Several morphological types of terminal arborizations of primary afferents in laminae I‐II of the rat spinal cord, as shown after HRP labeling and golgi impregnation

The morphology of the terminal arborizations in laminae I-II of primary afferent fibers was studied in sections stained by the heavy metal (nickel and cobalt) intensification of diaminobenzidine (DAB) after crushing one dorsal root with horseradish peroxidase (HRP) crystals, and with the mixed Golgi method which duplicated the staining provided by the first method.

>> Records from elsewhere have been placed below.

Lemma upper_fixes_end {P p q r} : P \in unitmx -> (forall m : nat, inV (x m) (P *m D m)) ->
  p != 0 -> r != 0 -> fixes_end F val x (act (P *m mx2 p q 0 r *m invmx P)).
Proof.
move=> hP hxP hp hr; have [a [b hab]] := upper_shifts_ray q hp hr.
have hB : P *m mx2 p q 0 r *m invmx P \in unitmx.
  by rewrite !unitmx_mul hP unitmx_inv hP mx2_unit mulr0 subr0 mulf_neq0.
exists a, b => n; have [V0 [hV eV]] := hab n; have [V' [hV' eV']] := GL2o_inv hV.
have e : P *m mx2 p q 0 r *m invmx P *m (P *m D (n + a)) = p *: (P *m D (n + b) *m V0).
  by rewrite -!mulmxA (mulmxA (invmx P)) mulVmx // mul1mx eV -scalemxAr.
have := act_inV hB (hxP (n + a)%N); rewrite e => /(inV_unscale p hp) /(inV_GL V' ^~ hV').
by rewrite -!mulmxA eV' mulmx1 => h; exact: v_eq h (hxP (n + b)%N).
Qed.

(* Every vertex z is moved to x_0 by an element of PGL_2(F) fixing omega:
   writing z = P T x_0 with T upper triangular (Iwasawa), take P T^-1 P^-1. *)
Lemma borel_transport z : exists B,
  [/\ B \in unitmx, act B z = x 0 & fixes_end F val x (act B)].
Proof.
have [P [hP hxP]] := standard_ray.
have [N [hN hzN]] := v_rep z.
have hPN : invmx P *m N \in unitmx by rewrite unitmx_mul unitmx_inv hP hN.
have [W [p [q [r [hW hp hr e]]]]] := iwasawa hPN.
set Ti := mx2 p^-1 (- q / (p * r)) 0 r^-1.
have eTi : Ti *m mx2 p q 0 r = 1%:M.
  by rewrite /Ti mx2_mul mx2_1; congr mx2; field; rewrite ?hp ?hr.
have hB : P *m Ti *m invmx P \in unitmx.
  by rewrite !unitmx_mul hP unitmx_inv hP mx2_unit mulr0 subr0 mulf_neq0 ?invr_eq0.
exists (P *m Ti *m invmx P); split => //; last exact: upper_fixes_end hP hxP (invr_neq0 hp) (invr_neq0 hr).
apply: v_eq (act_inV hB (inV_GL W hzN hW)) _.
by rewrite -!mulmxA (mulmxA (invmx P)) e eTi mulmx1; have := hxP 0%N; rewrite D0 mulmx1.
Qed.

Besides the flame-shaped arbors located in deep lamina IIi as an extension of the arbors of lamina III, which were derived from 1.7-micron thick stem fibers (probably A alpha beta fibers), six types of terminal arbors, all rostrocaudally oriented, arising from fine stem fibers and having preferential locations, were disclosed. The lateral third of laminae I-II contained a longitudinal plexus of parallel 0.8-micron thick stem fibers (C fibers) with longitudinal side branches generating many boutons en passant. Laminae I and IIo, in their middle third, contained dichotomizing longitudinal fibers with elongated boutons, arising from 1-micron thick stem fibers (C or A delta), and, in the medial third, a dense plexus with terminal networks carrying large boutons, which arose from 1.3-micron thick stem fibers (A delta). Fibers ending in terminal bouquets and issuing from 1-micron thick stem fibers (C or A delta) occupied the dorsal part of middle and medial lamina IIi, while the intermediate part contained clusters (swarms) of ultrafine boutons arising from extremely fine fibers. The whole medial lamina IIi also contained fine undulating fibers arising from 0.3 micron-thick stem fibers (C fibers) with large boutons near their ends. The functional meaning of this multiplicity of morphological types and locations is still unclear. It may be clarified when single unit analysis of HRP-injected fine fibers is made possible, or immunocytochemical stainings disclose the neurotransmitters utilized by each fiber type.